– Вот в халате и выйди. Давно ли сам у меня лежал?.. – И майор рявкнул так, что вздрогнула и со звном выронила какой-то блестящий хирургический инструмент медсестра: – Удались!
Мастырин криво, одной щекой, не изуродованной шрамом, усмехнулся и вышел. Понял: ногу парню будут спасать.
У палатки он увидел, что число раненых на носилках, доставленных с передовой, переправленных через реку, за эти десять минут значительно выросло. Было много тяжелых. Наступление разгоралось…
Мастырин присел на землю, закурил. Но услышал, как в палатке, подставив руки под струю воды, которую лила из кувшина медсестра, майор пробурчал:
– На Звезду бумагу Рокоссовский подписать может. А вот на гангрену… На нее один Господь подписывает. Подпишет – и все. Отпилят ножку по самые они… Если успеют. Так хоть колено спасли бы…
– Эт точно, – отозвался хирург, весь заляпанный кровью.
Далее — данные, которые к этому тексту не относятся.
(* Let $\mathcal{P}$ be a poset and $S\subseteq\mathcal{P}$ a finitely presented convex set. Then $\min S$ and $\operatorname{cover}S$ are finite, and $S=\uparrow\min S\setminus\uparrow\operatorname{cover}S$.
   Context: Fix a field $\mathbb{k}$. $\uparrow X=\{p:\exists x\in X,x\le p\}$; $\operatorname{cover}X=\min(\uparrow X\setminus X)$. $S$ is convex if $s\le p\le s'$ with $s,s'\in S$ implies $p\in S$. $\mathbb{k}_S$ is the indicator representation ($\mathbb{k}$ on $S$, $0$ elsewhere, identity maps within $S$). $S$ is finitely presented if $\mathbb{k}_S$ is the cokernel of a morphism between finite direct sums of representations $\mathbb{k}_{\uparrow\{p\}}$, $p\in\mathcal{P}$. *)

From HB Require Import structures.
From mathcomp Require Import all_boot all_order all_algebra.
From mathcomp Require Import boolp classical_sets cardinality.
Unset Implicit Arguments. Unset Printing Implicit Defensive.
Import Order.Theory GRing.Theory.
Local Open Scope classical_set_scope.
Local Open Scope ring_scope.

Section PosetReps.
Variables (k : fieldType) (d : Order.disp_t) (P : porderType d).

Definition pupset (X : set P) : set P :=
  [set p | exists2 x, X x & (x <= p)%O].
Definition pminset (X : set P) : set P :=
  [set x | X x /\ forall y, X y -> (y <= x)%O -> y = x].
Definition pcoverset (X : set P) : set P := pminset (pupset X `\` X).
Definition pconvex (S : set P) : Prop :=
  forall s s' p, S s -> S s' -> (s <= p)%O -> (p <= s')%O -> S p.

(* The direct sum  (+)_{i < size a} k_{up a_i}  is realised at the point p
   as the subspace of k^(size a) (row vectors) of vectors supported on the
   indices i with a_i <= p; its structure maps are the inclusions. *)
Definition fsupp (a : seq P) (p : P) (v : 'rV[k]_(size a)) : Prop :=
  forall i : 'I_(size a), ~~ (nth p a i <= p)%O -> v 0 i = 0.

(* A morphism (+)_i k_{up a_i} -> (+)_j k_{up b_j}: a family of linear maps
   (given by matrices, acting on the right) preserving the subspaces and
   natural w.r.t. the (inclusion) structure maps. *)
Definition free_morph (a b : seq P) (f : P -> 'M[k]_(size a, size b)) : Prop :=
  (forall p v, fsupp a p v -> fsupp b p (v *m f p)) /\
  (forall p q v, (p <= q)%O -> fsupp a p v -> v *m f q = v *m f p).

(* A morphism (+)_j k_{up b_j} -> k_S, where k_S is k on S (identity maps)
   and 0 elsewhere; the component at p is pi p (only meaningful for p in S). *)
Definition morph_to_ind (S : set P) (b : seq P) (pi : P -> 'M[k]_(size b, 1)) :=
  forall p q v, (p <= q)%O -> S q -> fsupp b p v ->
    (S p -> v *m pi q = v *m pi p) /\ (~ S p -> v *m pi q = 0).

(* pi exhibits k_S as the cokernel of f: the sequence
   F_a --f--> F_b --pi--> k_S --> 0 is exact (pointwise). *)
Definition is_coker_ind (S : set P) (a b : seq P)
    (f : P -> 'M[k]_(size a, size b)) (pi : P -> 'M[k]_(size b, 1)) : Prop :=
  [/\ morph_to_ind S b pi,
      (forall p, S p -> exists v, fsupp b p v /\ v *m pi p != 0) &
      (forall p v, fsupp b p v ->
         ((S p -> v *m pi p = 0) <-> exists u, fsupp a p u /\ v = u *m f p))].

Definition finitely_presented (S : set P) : Prop :=
  exists (a b : seq P) (f : P -> 'M[k]_(size a, size b))
         (pi : P -> 'M[k]_(size b, 1)),
    free_morph a b f /\ is_coker_ind S a b f pi.

End PosetReps.

Arguments pupset {d P}.
Arguments pminset {d P}.
Arguments pcoverset {d P}.
Arguments pconvex {d P}.
Arguments finitely_presented k {d P}.

From HB Require Import structures.
From mathcomp Require Import all_boot all_order all_algebra.
From mathcomp Require Import boolp classical_sets cardinality.
Local Open Scope classical_set_scope.
Import Order.Theory GRing.Theory.

(* The image of the i-th summand k_{up b_i} in k_S is nonzero only if b_i
   lies in S, so every s in S lies above a generator b_i in S.  If c is in
   up S minus S and b_i <= c is such a generator, its basis vector is killed
   at c, hence is a combination of relations a_j <= c; were no a_j in
   up S minus S, each relation would already be killed by the projection,
   contradicting that b_i survives.  So S and up S minus S are both
   generated from below by finite lists; their minimal elements then form
   finite sets lying below every element, and convexity of S gives
   S = up (min S) minus up (cover S). *)

Lemma count_lt_subpred (T : Type) (a b : pred T) (l : seq T) :
  subpred a b -> has (predD b a) l -> (count a l < count b l)%N.
Proof.
move=> sab; rewrite has_count -[count b l]size_filter.
rewrite -(count_predC a (filter b l)) !count_filter => ba; rewrite -addn1.
apply: leq_add; first by apply: sub_count => x /= ax; rewrite ax (sab _ ax).
by rewrite (eq_count (a2 := predD b a)) // => x /=; rewrite andbC.
Qed.

Definition up_generated {d} {P : porderType d} (l : seq P) (Q : set P) : Prop :=
  forall x, Q x -> exists2 y, y \in l & Q y /\ (y <= x)%O.

Section UpGenerated.
Context {d : Order.disp_t} {P : porderType d} {l : seq P} {Q : set P}.
Hypothesis genQ : up_generated l Q.

Lemma up_generated_pminset_sub : pminset Q `<=` [set` l].
Proof.
move=> m [Qm minm]; have [y yl [Qy ym]] := genQ _ Qm.
by rewrite /= -(minm y Qy ym).
Qed.

(* Take [m] below [x] with the fewest elements of [l ∩ Q] below it: anything
   of [Q] strictly below [m] sits above an element of [l] with fewer. *)
Lemma up_generated_pminset_below x : Q x -> exists2 m, pminset Q m & (m <= x)%O.
Proof.
move=> Qx; pose below y := [pred z | `[< Q z >] && (z <= y)%O].
pose cand n := has (fun y => [&& `[< Q y >], (y <= x)%O & count (below y) l == n]) l.
have ex_cand : exists n, cand n.
  have [y yl [Qy yx]] := genQ _ Qx; exists (count (below y) l).
  by apply/hasP; exists y => //; rewrite asboolT // yx eqxx.
case: (ex_minnP ex_cand) => n /hasP[m ml /and3P[/asboolP Qm mx /eqP mun]] minn.
exists m => //; split=> // z Qz zm; apply: contrapT => nzm.
have [z' z'l [Qz' z'z]] := genQ _ Qz; have z'm := le_trans z'z zm.
have : count (below m) l <= count (below z') l.
  rewrite mun; apply: minn; apply/hasP; exists z' => //.
  by rewrite asboolT // (le_trans z'm mx) eqxx.
rewrite leqNgt => /negP; apply; apply: count_lt_subpred.
  by move=> w; rewrite /below /= => /andP[-> wz']; rewrite (le_trans wz' z'm).
apply/hasP; exists m => //=; rewrite asboolT // lexx /= andbT.
apply/negP => mz'; apply: nzm; apply: le_anti.
by rewrite zm (le_trans mz' z'z).
Qed.

End UpGenerated.

Lemma pconvex_eq_upDcover d (P : porderType d) (S : set P) :
  pconvex S ->
  (forall s, S s -> exists2 m, pminset S m & (m <= s)%O) ->
  (forall c, (pupset S `\` S) c -> exists2 m, pcoverset S m & (m <= c)%O) ->
  S = pupset (pminset S) `\` pupset (pcoverset S).
Proof.
move=> convS minS coverS; apply/seteqP; split=> [s Ss|p [[m [Sm _] mp] ncov]].
  split; first exact: minS.
  by move=> [c [[[s0 Ss0 s0c] nSc] _] cs]; apply: nSc (convS _ _ _ Ss0 Ss s0c cs).
apply: contrapT => nSp; apply: ncov.
by have [c cm cp] := coverS p (conj (ex_intro2 _ _ m Sm mp) nSp); exists c.
Qed.

Local Open Scope ring_scope.

Section SupportedVectors.
Context {k : fieldType} {d : Order.disp_t} {P : porderType d} {l : seq P}.

Lemma fsupp_delta_mx {i : 'I_(size l)} {p} :
  (tnth (in_tuple l) i <= p)%O -> fsupp k d P l p (delta_mx 0 i).
Proof.
move=> lip j; rewrite mxE eqxx /=; case: eqP => [->|//].
by rewrite -(tnth_nth p (in_tuple l)) lip.
Qed.

Lemma fsupp_le {p} {v : 'rV[k]_(size l)} {i} :
  fsupp k d P l p v -> v 0 i != 0 -> (tnth (in_tuple l) i <= p)%O.
Proof. by move=> vp; apply: contraR; rewrite (tnth_nth p) => /vp ->. Qed.

End SupportedVectors.

Section Presentation.
Context {k : fieldType} {d : Order.disp_t} {P : porderType d} {S : set P}.
Context {a b : seq P} {f : P -> 'M[k]_(size a, size b)}.
Context { pi : P -> 'M[k]_(size b, 1) }.
Hypotheses (f_morph : free_morph k d P a b f)
  (pi_coker : is_coker_ind k d P S a b f pi).

Local Notation gen i := (tnth (in_tuple b) i).
Local Notation rel j := (tnth (in_tuple a) j).

(* The structure maps of [k_S] are identities, so on [S] every component of
   [pi] acts on the [i]-th summand by the scalar it has at the generator. *)
Definition coker_coef : 'cV[k]_(size b) :=
  \col_i (if `[< S (gen i) >] then pi (gen i) i 0 else 0).

Lemma mulmx_pi_coker_coef {p v} :
  S p -> fsupp k d P b p v -> v *m pi p = v *m coker_coef.
Proof.
move=> Sp vp; rewrite !mulmx_sum_row; apply: eq_bigr => i _.
have [->|vi] := eqVneq (v 0 i) 0; first by rewrite !scale0r.
have [pi_nat _ _] := pi_coker.
have [pi_in pi_out] := pi_nat _ _ _ (fsupp_le vp vi) Sp (fsupp_delta_mx (lexx _)).
congr (_ *: _); apply/rowP => j; rewrite ord1 !mxE.
case: asboolP => [Sgi|nSgi]; last by move/rowP/(_ 0): (pi_out nSgi); rewrite -rowE !mxE.
by move/rowP/(_ 0): (pi_in Sgi); rewrite -!rowE !mxE.
Qed.

Lemma mulmx_coker_coef_eq0 {p v} :
  fsupp k d P b p v -> ~ pupset S p -> v *m coker_coef = 0.
Proof.
move=> vp nSp; rewrite mulmx_sum_row big1 // => i _.
have [->|vi] := eqVneq (v 0 i) 0; first by rewrite scale0r.
apply/rowP => j; rewrite ord1 !mxE; case: asboolP => [Sgi|]; last by rewrite mulr0.
by case: nSp; exists (gen i); last exact: fsupp_le vp vi.
Qed.

Lemma coker_gen_below {s} :
  S s -> exists i, [/\ S (gen i), (gen i <= s)%O & coker_coef i 0 != 0].
Proof.
move=> Ss; have [_ pi_nz _] := pi_coker; have [v [vs]] := pi_nz s Ss.
rewrite (mulmx_pi_coker_coef Ss vs) => /eqP; apply: contra_notP => none.
rewrite mulmx_sum_row big1 // => i _.
have [->|vi] := eqVneq (v 0 i) 0; first by rewrite scale0r.
have [ci0|ci] := eqVneq (coker_coef i 0) 0.
  by apply/rowP => j; rewrite ord1 mxE [row _ _ _ _]mxE ci0 mulr0 mxE.
case: none; exists i; split=> //; last exact: fsupp_le vs vi.
by move: ci; rewrite mxE; case: asboolP => // _; rewrite eqxx.
Qed.

Lemma mulmx_rel_coker_coef j :
  ~ (pupset S `\` S) (rel j) -> delta_mx (0 : 'I_1) j *m f (rel j) *m coker_coef = 0.
Proof.
move=> nrel; have [f_supp _] := f_morph; have [_ _ exact_at] := pi_coker.
have ej : fsupp k d P a (rel j) (delta_mx 0 j) := fsupp_delta_mx (lexx _).
have wj := f_supp _ _ ej.
have [Sj|nSj] := pselect (S (rel j)).
  rewrite -(mulmx_pi_coker_coef Sj wj).
  exact: (proj2 (exact_at _ _ wj) (ex_intro _ _ (conj ej erefl)) Sj).
by apply: mulmx_coker_coef_eq0 wj _ => upj; apply: nrel (conj upj nSj).
Qed.

Lemma coker_rel_below {c} :
  (pupset S `\` S) c -> exists j, (rel j <= c)%O /\ (pupset S `\` S) (rel j).
Proof.
move=> [[s Ss sc] nSc]; have [i [_ gis ci]] := coker_gen_below Ss.
have [_ f_nat] := f_morph; have [_ _ exact_at] := pi_coker.
have ei : fsupp k d P b c (delta_mx 0 i) := fsupp_delta_mx (le_trans gis sc).
have [u [uc ei_u]] := proj1 (exact_at _ _ ei) (fun Sc => False_ind _ (nSc Sc)).
move/eqP: ci; apply: contra_notP => none; apply/eqP.
have /rowP/(_ 0) := congr1 (mulmx^~ coker_coef) ei_u; rewrite -rowE mxE => ->.
rewrite -mulmxA mulmx_sum_row big1 ?mxE // => j _.
have [->|uj] := eqVneq (u 0 j) 0; first by rewrite scale0r.
have ajc := fsupp_le uc uj.
rewrite row_mul rowE (f_nat _ _ _ ajc (fsupp_delta_mx (lexx _))).
by rewrite mulmx_rel_coker_coef ?scaler0 // => relj; apply: none; exists j.
Qed.

End Presentation.

Theorem mainTheorem17 (k : fieldType) (d : Order.disp_t) (P : porderType d)
    (S : set P) :
  pconvex S -> finitely_presented k S ->
  [/\ finite_set (pminset S), finite_set (pcoverset S) &
      S = pupset (pminset S) `\` pupset (pcoverset S)].
Proof.
move=> convS [a [b [f [pi [f_morph pi_coker]]]]].
have genS : up_generated b S.
  move=> s Ss; have [i [Sgi gis _]] := coker_gen_below pi_coker Ss.
  by exists (tnth (in_tuple b) i); first exact: mem_tnth.
have genC : up_generated a (pupset S `\` S).
  move=> c Cc; have [j [ajc Caj]] := coker_rel_below f_morph pi_coker Cc.
  by exists (tnth (in_tuple a) j); first exact: mem_tnth.
split.
- exact: sub_finite_set (up_generated_pminset_sub genS) (finite_seq b).
- exact: sub_finite_set (up_generated_pminset_sub genC) (finite_seq a).
- exact: pconvex_eq_upDcover convS (up_generated_pminset_below genS)
    (up_generated_pminset_below genC).
Qed.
Господь не подписал. Напичканный пантопоном и другими препаратами, Анохин плохо соображал, что с ним делают и куда везут. Сначала на грузовике, потом на поезде. Не знал, что совершил путешествие длинной в тысячу километров и очутился в небольшом старинном городке на Верхней Волге. Из лета перебрался в раннюю осень.
В специализированном хирургическом госпитале, где занимались конечностями, ему сделали две операции. Говорили, предстоит еще одна, последняя. Нога уже сгибалась в колене, двигалась стопа. Но, глядя на располосованную голень, на обтянувшую кости желтую от йода кожу, Анохин только вздыхал.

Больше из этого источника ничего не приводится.